# Fun and silly



## Patty Beck (Mar 9, 2011)

I just though I would share this video of the start of weaving through my legs backwards. We have only been working on this for 3-4 sessions but it is coming along. Soon I will just reward with food instead of luring then we will change to toy. At that point if I can stay on my feet and upright - it will be a cool little trick. 
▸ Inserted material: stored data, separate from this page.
(* Let $G$ be a context-free grammar, $k\ge0$, and $N$ its canonical LR($k$) NFA. Let $U_0,U_1,\dots,U_r$ be vertices of $N$ with $U_0$ the starting vertex and an edge $U_{i-1}\xrightarrow{\sigma_i}U_i$ for each $i$ (labels $\sigma_i\in\Sigma\cup\Lambda\cup\{\varepsilon\}$), and suppose $U_r$ has an action on a lookahead $\lambda\in\Gamma^k$. Let $\zeta=\zeta_1\cdots\zeta_m$ be the string of non-$\varepsilon$ labels among $\sigma_1,\dots,\sigma_r$. Suppose $x_1\cdots x_s\in\Sigma^*$ and $P_1,\dots,P_m$ are parse trees, $P_j$ having root $\zeta_j$ (a single leaf if $\zeta_j$ is terminal), whose yields concatenate to $x_1\cdots x_s$; let $\mathcal S_{\mathrm{part}}$ be the concatenation of the LR parses of $P_1,\dots,P_m$. Then there exist $x_{s+1}\cdots x_n\in\Sigma^*$ with $\mathrm{First}_k(x_{s+1}\cdots x_n\dashv^k)=\{\lambda\}$ and a parse tree of $x_1\cdots x_n$ with root $S$ whose LR parse $\mathcal S$ has $\mathcal S_{\mathrm{part}}$ as a prefix.
   Context: $G$ has finite nonterminal set $\Lambda$, terminal set $\Sigma$, $\Gamma=\Sigma\cup\{\dashv\}$ with $\dashv$ an end marker, and start symbol $S$ which appears on the left of exactly one production $S\to\eta$ and on no right-hand side. For $T\subseteq(\Lambda\cup\Gamma)^*$, $\mathrm{Gen}(T)$ is the set of $y\in\Gamma^*$ with $x\Rightarrow^*y$ for some $x\in T$, and $\mathrm{First}_k(T)=\{x_1\cdots x_{\min(k,r)}: x_1\cdots x_r\in T\}$; concatenations involving sets are taken elementwise. A dotted production is $X\to\alpha\cdot\beta$ where $X\to\alpha\beta$ is a production. Forward-reachable $k$-follow strings: the least assignment of subsets of $\Gamma^k$ to productions such that $\dashv^k$ is assigned to $S\to\eta$, and whenever $\lambda$ is assigned to $X\to\alpha Y\beta$ then every $\mu\in\mathrm{First}_k(\mathrm{Gen}(\beta\lambda))$ is assigned to every production $Y\to\gamma$. For a dotted production $\hat\Pi$ with underlying production $\Pi$, $\mathcal U(\hat\Pi)$ is the set assigned to $\Pi$. Canonical LR($k$) NFA: vertices $(\hat\Pi,\lambda)$ with $\lambda\in\mathcal U(\hat\Pi)$; starting vertex $(S\to\cdot\,\eta,\dashv^k)$; $\varepsilon$-edges from $(X\to\alpha\cdot Y\beta,\lambda)$ to $(Y\to\cdot\,\gamma,\mu)$ whenever $\mu\in\mathrm{First}_k(\mathrm{Gen}(\beta\lambda))$; edges labeled $\tau\in\Lambda\cup\Sigma$ from $(X\to\alpha\cdot\tau\beta,\lambda)$ to $(X\to\alpha\tau\cdot\beta,\lambda)$. Actions: vertex $(X\to\alpha\,\cdot,\lambda)$ has action ``Reduce $X\to\alpha$'' on lookahead $\lambda$; vertex $(X\to\alpha\cdot\sigma\beta,\lambda)$ with $\sigma\in\Sigma$ has action ``Shift'' on each lookahead $\mu\in\mathrm{First}_k(\mathrm{Gen}(\sigma\beta\lambda))$; there are no other actions. LR parse of a parse tree $P$: the sequence of operations obtained by a postorder traversal of $P$, where a leaf labeled by a terminal $\sigma$ contributes $\mathrm{Shift}(\sigma)$ and an internal node expanded by production $\Pi$ contributes $\mathrm{Reduce}(\Pi)$ (after its children; a node for a production $X\to\varepsilon$ has no children). *)

From mathcomp Require Import all_boot.
From Stdlib Require Import Relations.

Set Implicit Arguments.
Unset Strict Implicit.
Unset Printing Implicit Defensive.

Section Grammar.

(* Lam = nonterminals, Sig = terminals.  Gamma = Sig u {-|} is [option Sig],
   with [None] the end marker -|.  Grammar symbols on right-hand sides of
   productions range over Lam + Sig; sentential forms used by Gen range over
   Lam + Gamma = Lam + option Sig. *)
Variables (Lam Sig : finType).

Record grammar := Grammar {
  prods : seq (Lam * seq (Lam + Sig));
  start : Lam
}.

Variable G : grammar.

Definition start_condition : Prop :=
  count (fun p => p.1 == start G) (prods G) = 1 /\
  all (fun p => inl (start G) \notin p.2) (prods G).

Definition gsym := (Lam + option Sig)%type.

Definition lift (a : seq (Lam + Sig)) : seq gsym :=
  map (fun s => match s with inl X => inl X | inr t => inr (Some t) end) a.

Inductive dstep : seq gsym -> seq gsym -> Prop :=
| dstep_intro u v X a : (X, a) \in prods G ->
    dstep (u ++ inl X :: v) (u ++ lift a ++ v).

Definition derives : seq gsym -> seq gsym -> Prop := clos_refl_trans _ dstep.

Definition Gen (w : seq gsym) (y : seq (option Sig)) : Prop :=
  derives w (map inr y).

Variable k : nat.

Definition FirstGen (w : seq gsym) (mu : seq (option Sig)) : Prop :=
  exists2 y, Gen w y & mu = take k y.

Inductive follow : Lam * seq (Lam + Sig) -> seq (option Sig) -> Prop :=
| follow_start eta : (start G, eta) \in prods G ->
    follow (start G, eta) (nseq k None)
| follow_step X alpha Y beta lam gamma mu :
    (X, alpha ++ inl Y :: beta) \in prods G ->
    follow (X, alpha ++ inl Y :: beta) lam ->
    (Y, gamma) \in prods G ->
    FirstGen (lift beta ++ map inr lam) mu ->
    follow (Y, gamma) mu.

(* Candidate vertices: dotted production X -> alpha . beta with lookahead *)
Record vertex := Vertex {
  v_lhs : Lam;
  v_alpha : seq (Lam + Sig);
  v_beta : seq (Lam + Sig);
  v_la : seq (option Sig)
}.

Definition is_vertex (U : vertex) : Prop :=
  (v_lhs U, v_alpha U ++ v_beta U) \in prods G /\
  follow (v_lhs U, v_alpha U ++ v_beta U) (v_la U).

Definition start_vertex (eta : seq (Lam + Sig)) : vertex :=
  Vertex (start G) [::] eta (nseq k None).

(* edge labels: None = epsilon, Some tau with tau \in Lam u Sig *)
Definition raw_edge (U : vertex) (l : option (Lam + Sig)) (V : vertex) : Prop :=
  match l with
  | None =>
      exists Y beta,
        v_beta U = inl Y :: beta /\ v_lhs V = Y /\ v_alpha V = [::] /\
        (Y, v_beta V) \in prods G /\
        FirstGen (lift beta ++ map inr (v_la U)) (v_la V)
  | Some tau =>
      exists beta,
        v_beta U = tau :: beta /\
        V = Vertex (v_lhs U) (rcons (v_alpha U) tau) beta (v_la U)
  end.

Definition edge U l V : Prop := is_vertex U /\ is_vertex V /\ raw_edge U l V.

(* a path U = U_0 -sigma_1-> U_1 -> ... -> U_r given as list of (sigma_i, U_i) *)
Fixpoint nfa_path (U : vertex) (steps : seq (option (Lam + Sig) * vertex)) : Prop :=
  match steps with
  | [::] => True
  | (l, V) :: t => edge U l V /\ nfa_path V t
  end.

(* U has an action (Reduce or Shift) on lookahead mu *)
Definition has_action (U : vertex) (mu : seq (option Sig)) : Prop :=
  (v_beta U = [::] /\ mu = v_la U) \/
  (exists sigma beta, v_beta U = inr sigma :: beta /\
     FirstGen (inr (Some sigma) :: lift beta ++ map inr (v_la U)) mu).

Inductive ptree :=
| Leaf of Sig
| Node of Lam & seq (Lam + Sig) & seq ptree.

Definition proot (t : ptree) : Lam + Sig :=
  match t with Leaf a => inr a | Node X _ _ => inl X end.

Fixpoint valid (t : ptree) : bool :=
  match t with
  | Leaf _ => true
  | Node X rhs ch =>
      [&& (X, rhs) \in prods G, map proot ch == rhs & all valid ch]
  end.

Fixpoint yield (t : ptree) : seq Sig :=
  match t with
  | Leaf a => [:: a]
  | Node _ _ ch => flatten (map yield ch)
  end.

Inductive lr_op := Shift of Sig | Reduce of Lam & seq (Lam + Sig).

Fixpoint lrparse (t : ptree) : seq lr_op :=
  match t with
  | Leaf a => [:: Shift a]
  | Node X rhs ch => flatten (map lrparse ch) ++ [:: Reduce X rhs]
  end.

Definition is_prefix (A : Type) (s t : seq A) : Prop := exists u, t = s ++ u.

End Grammar.

From Pilot Require Import Defs.
From mathcomp Require Import all_boot.
From Stdlib Require Import Relations.

Set Implicit Arguments.
Unset Strict Implicit.
Unset Printing Implicit Defensive.

(* Walk the NFA path backwards, maintaining a forest [Fs] whose roots spell
   the part [beta] after the dot of the current item [X -> alpha . beta],
   whose yield extends that of the given trees by some [w], and such that
   [First_k(w lambda_U)] is the target lookahead.  A symbol edge prepends the
   next given tree to the forest.  An epsilon edge into [Y -> . gamma] closes
   the forest (which spells [gamma]) into a single node [Y], and the string
   [beta lambda_U] from which [lambda_V] was drawn is realized by parse trees
   for [beta] followed by [lambda_U]; these trees are appended, and the
   lookahead is preserved because truncating to [k] symbols commutes with
   appending.  At the start vertex the forest spells [eta], so one node [S]
   on top of it is the required parse tree. *)

Lemma take_cat_take (T : Type) (n k : nat) (a b : seq T) : n <= k ->
  take n (a ++ take k b) = take n (a ++ b).
Proof.
elim: a n => [|x a IHa] n le_nk; first by rewrite take_takel.
by case: n le_nk => [|n] le_nk //=; rewrite IHa // ltnW.
Qed.

Section Completion.

Variables (Lam Sig : finType) (G : grammar Lam Sig) (k : nat).

Notation gsym := (gsym Lam Sig).
Notation ptree := (ptree Lam Sig).

Definition forest_yield (Ts : seq ptree) : seq Sig :=
  flatten (map (@yield _ _) Ts).

Definition forest_parse (Ts : seq ptree) : seq (lr_op Lam Sig) :=
  flatten (map (@lrparse _ _) Ts).

Lemma forest_yield_cons T Ts : forest_yield (T :: Ts) = yield T ++ forest_yield Ts.
Proof. by []. Qed.

Lemma forest_parse_cons T Ts : forest_parse (T :: Ts) = lrparse T ++ forest_parse Ts.
Proof. by []. Qed.

Lemma yield_Node X rhs Ts : yield (Node X rhs Ts) = forest_yield Ts.
Proof. by []. Qed.

Lemma lrparse_Node X rhs Ts :
  lrparse (Node X rhs Ts) = forest_parse Ts ++ [:: Reduce X rhs].
Proof. by []. Qed.

Inductive forest_gen : seq gsym -> seq (option Sig) -> Prop :=
| forest_gen_nil : forest_gen [::] [::]
| forest_gen_term t w y : forest_gen w y -> forest_gen (inr t :: w) (t :: y)
| forest_gen_tree (T : ptree) X w y : valid G T -> proot T = inl X ->
    forest_gen w y -> forest_gen (inl X :: w) (map Some (yield T) ++ y).

Lemma forest_gen_cat u v y1 y2 :
  forest_gen u y1 -> forest_gen v y2 -> forest_gen (u ++ v) (y1 ++ y2).
Proof.
elim=> [|t w y _ IH|T X w y vT rT _ IH] gen_v //=.
- by apply: forest_gen_term; apply: IH.
- by rewrite -catA; apply: forest_gen_tree => //; apply: IH.
Qed.

Lemma forest_gen_catP u v y : forest_gen (u ++ v) y ->
  exists y1 y2, [/\ y = y1 ++ y2, forest_gen u y1 & forest_gen v y2].
Proof.
elim: u y => [|s u IH] y /=.
  by move=> gen_v; exists [::], y; split=> //; apply: forest_gen_nil.
move=> gen_suv; inversion gen_suv as [|t w y' gen_w|T X w y' vT rT gen_w]; subst.
- have [y1 [y2 [-> gen_u gen_v]]] := IH _ gen_w.
  by exists (t :: y1), y2; split => //; apply: forest_gen_term.
- have [y1 [y2 [-> gen_u gen_v]]] := IH _ gen_w.
  exists (map Some (yield T) ++ y1), y2; rewrite catA.
  by split => //; apply: forest_gen_tree.
Qed.

Lemma forest_gen_liftP a y : forest_gen (Defs.lift a) y ->
  exists Ts : seq ptree,
    [/\ all (valid G) Ts, map (@proot _ _) Ts = a & y = map Some (forest_yield Ts)].
Proof.
elim: a y => [|s a IH] y /=.
  by move=> gen_nil; inversion gen_nil; exists [::].
case: s => [X|t] gen_sa;
  inversion gen_sa as [|t' w y' gen_a|T X' w y' vT rT gen_a]; subst.
- have [Ts [vTs rTs ->]] := IH _ gen_a.
  exists (T :: Ts); rewrite /= vT rT vTs rTs /forest_yield /=.
  by split => //; rewrite map_cat.
- have [Ts [vTs rTs ->]] := IH _ gen_a.
  by exists (Leaf _ t :: Ts); rewrite /= rTs.
Qed.

Lemma forest_gen_terminals y : forest_gen (map inr y) y.
Proof.
by elim: y => [|t y IH] /=; [apply: forest_gen_nil | apply: forest_gen_term].
Qed.

Lemma forest_gen_terminalsK la y : forest_gen (map inr la) y -> y = la.
Proof.
elim: la y => [|t la IH] y /= gen_la;
  inversion gen_la as [|t' w y' gen_y|]; subst => //.
by rewrite (IH _ gen_y).
Qed.

Lemma forest_gen_dstep w w' y : dstep G w w' -> forest_gen w' y -> forest_gen w y.
Proof.
case=> u v X a prod_Xa gen_uav.
have [y1 [y2 [-> gen_u gen_av]]] := forest_gen_catP gen_uav.
have [y21 [y22 [-> gen_a gen_v]]] := forest_gen_catP gen_av.
have [Ts [vTs rTs ->]] := forest_gen_liftP gen_a.
apply: forest_gen_cat => //.
apply: (@forest_gen_tree (Node X a Ts)) => //=.
by rewrite prod_Xa rTs eqxx vTs.
Qed.

Lemma forest_gen_Gen w y : Gen G w y -> forest_gen w y.
Proof.
move=> dw; have {dw} := clos_rt_rt1n _ _ _ _ dw.
move E: (map inr y) => z dw.
elim: dw E => [x <-|x x' z' step _ IH E]; first exact: forest_gen_terminals.
exact: forest_gen_dstep step (IH E).
Qed.

Lemma FirstGen_forest beta la mu :
  FirstGen G k (Defs.lift beta ++ map inr la) mu ->
  exists Ts : seq ptree,
    [/\ all (valid G) Ts, map (@proot _ _) Ts = beta &
        mu = take k (map Some (forest_yield Ts) ++ la)].
Proof.
case=> y /forest_gen_Gen /forest_gen_catP [y1 [y2 [-> gen_beta gen_la]]] ->.
have [Ts [vTs rTs ->]] := forest_gen_liftP gen_beta.
by exists Ts; rewrite (forest_gen_terminalsK gen_la).
Qed.

Variable lam : seq (option Sig).

Definition completable (U : vertex Lam Sig) (Ps : seq ptree) : Prop :=
  exists Fs w, [/\ all (valid G) Fs, map (@proot _ _) Fs = v_beta U,
    forest_yield Fs = forest_yield Ps ++ w,
    lam = take k (map Some w ++ v_la U) &
    is_prefix (forest_parse Ps) (forest_parse Fs)].

Lemma completable_action U : size lam = k -> has_action G k U lam ->
  completable U [::].
Proof.
move=> size_lam [[beta_nil la_U]|[sig [beta [beta_sig FG]]]].
  exists [::], [::]; rewrite beta_nil /= take_oversize -la_U ?size_lam //.
  by split=> //; exists [::].
have [Ts [vTs rTs la_Ts]] := FirstGen_forest (beta := inr sig :: beta) FG.
exists Ts, (forest_yield Ts); rewrite beta_sig.
by split=> //; exists (forest_parse Ts).
Qed.

Lemma completable_symbol_edge U tau V P Ps :
  raw_edge G k U (Some tau) V -> valid G P -> proot P = tau ->
  completable V Ps -> completable U (P :: Ps).
Proof.
move=> [beta [beta_tau ->]] vP rP [Fs [w [vFs rFs yFs la_w [u parse_u]]]].
exists (P :: Fs), w; rewrite beta_tau /= vP vFs rFs rP.
rewrite !forest_yield_cons !forest_parse_cons yFs parse_u !catA.
by split=> //; exists u.
Qed.

Lemma completable_epsilon_edge U V Ps :
  raw_edge G k U None V -> completable V Ps -> completable U Ps.
Proof.
move=> [Y [beta [beta_Y [_ [_ [prod_V FG]]]]]].
move=> [Fs [w [vFs rFs yFs la_w [u parse_u]]]].
have [Ts [vTs rTs la_V]] := FirstGen_forest FG.
exists (Node Y (v_beta V) Fs :: Ts), (w ++ forest_yield Ts).
rewrite beta_Y /= vTs rTs prod_V rFs eqxx vFs.
rewrite forest_yield_cons forest_parse_cons yield_Node lrparse_Node.
rewrite yFs parse_u -!catA; split=> //.
- by rewrite la_w la_V map_cat -catA take_cat_take.
- by exists (u ++ [:: Reduce Y (v_beta V)] ++ forest_parse Ts).
Qed.

Lemma completable_path steps U (Ps : seq ptree) : size lam = k ->
  nfa_path G k U steps -> has_action G k (last U (map snd steps)) lam ->
  map (@proot _ _) Ps = pmap id (map fst steps) -> all (valid G) Ps ->
  completable U Ps.
Proof.
move=> size_lam; elim: steps U Ps => [|[l V] steps IH] U Ps /=.
  by move=> _ act; case: Ps => // _ _; apply: completable_action.
case=> [[_ [_ e_UV]] path_V] act.
case: l e_UV => [tau|] e_UV.
- case: Ps => [|P Ps] //= [rP rPs] /andP[vP vPs].
  exact: completable_symbol_edge e_UV vP rP (IH V Ps path_V act rPs vPs).
- move=> rPs vPs.
  exact: completable_epsilon_edge e_UV (IH V Ps path_V act rPs vPs).
Qed.

End Completion.

Theorem mainTheorem13 (Lam Sig : finType) (G : grammar Lam Sig) (k : nat)
  (HG : start_condition G)
  (eta : seq (Lam + Sig)) (Heta : (start G, eta) \in prods G)
  (steps : seq (option (Lam + Sig) * vertex Lam Sig))
  (Hpath : nfa_path G k (start_vertex G k eta) steps)
  (lam : seq (option Sig)) (Hlam : size lam = k)
  (Hact : has_action G k (last (start_vertex G k eta) (map snd steps)) lam)
  (xs : seq Sig) (Ps : seq (ptree Lam Sig))
  (Hroots : map (@proot Lam Sig) Ps = pmap id (map fst steps))
  (Hvalid : all (valid G) Ps)
  (Hyield : flatten (map (@yield Lam Sig) Ps) = xs) :
  exists xs' : seq Sig,
    take k (map Some xs' ++ nseq k None) = lam /\
    exists P : ptree Lam Sig,
      [/\ valid G P, proot P = inl (start G), yield P = xs ++ xs' &
          is_prefix (flatten (map (@lrparse Lam Sig) Ps)) (lrparse P)].
Proof.
have [Fs [w [vFs rFs yFs la_w [u parse_u]]]] :=
  completable_path Hlam Hpath Hact Hroots Hvalid.
exists w; split; first by rewrite la_w.
exists (Node (start G) eta Fs); split=> //.
- by rewrite /= Heta rFs eqxx vFs.
- by rewrite yield_Node yFs -Hyield.
- rewrite lrparse_Node parse_u -catA.
  by exists (u ++ [:: Reduce (start G) eta]).
Qed.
https://www.youtube.com/watch?v=VVrMVXYJkgE


----------



## Brian Anderson (Dec 2, 2010)

Patty Beck said:


> I just though I would share this video of the start of weaving through my legs backwards. We have only been working on this for 3-4 sessions but it is coming along. Soon I will just reward with food instead of luring then we will change to toy. At that point if I can stay on my feet and upright - it will be a cool little trick.
> 
> 
> https://www.youtube.com/watch?v=VVrMVXYJkgE



I think you put the link for the other video here ...


----------



## Patty Beck (Mar 9, 2011)

Dang it.... This should be the right one...

https://www.youtube.com/watch?v=4rLN8gqX3zE


----------



## Howard Knauf (May 10, 2008)

What amazes me more than anything is that you got that horse between your legs!  Nice work.


----------



## Patty Beck (Mar 9, 2011)

Howard Knauf said:


> What amazes me more than anything is that you got that horse between your legs!  Nice work.


Ha ha - yes he is a tall guy. LOL


----------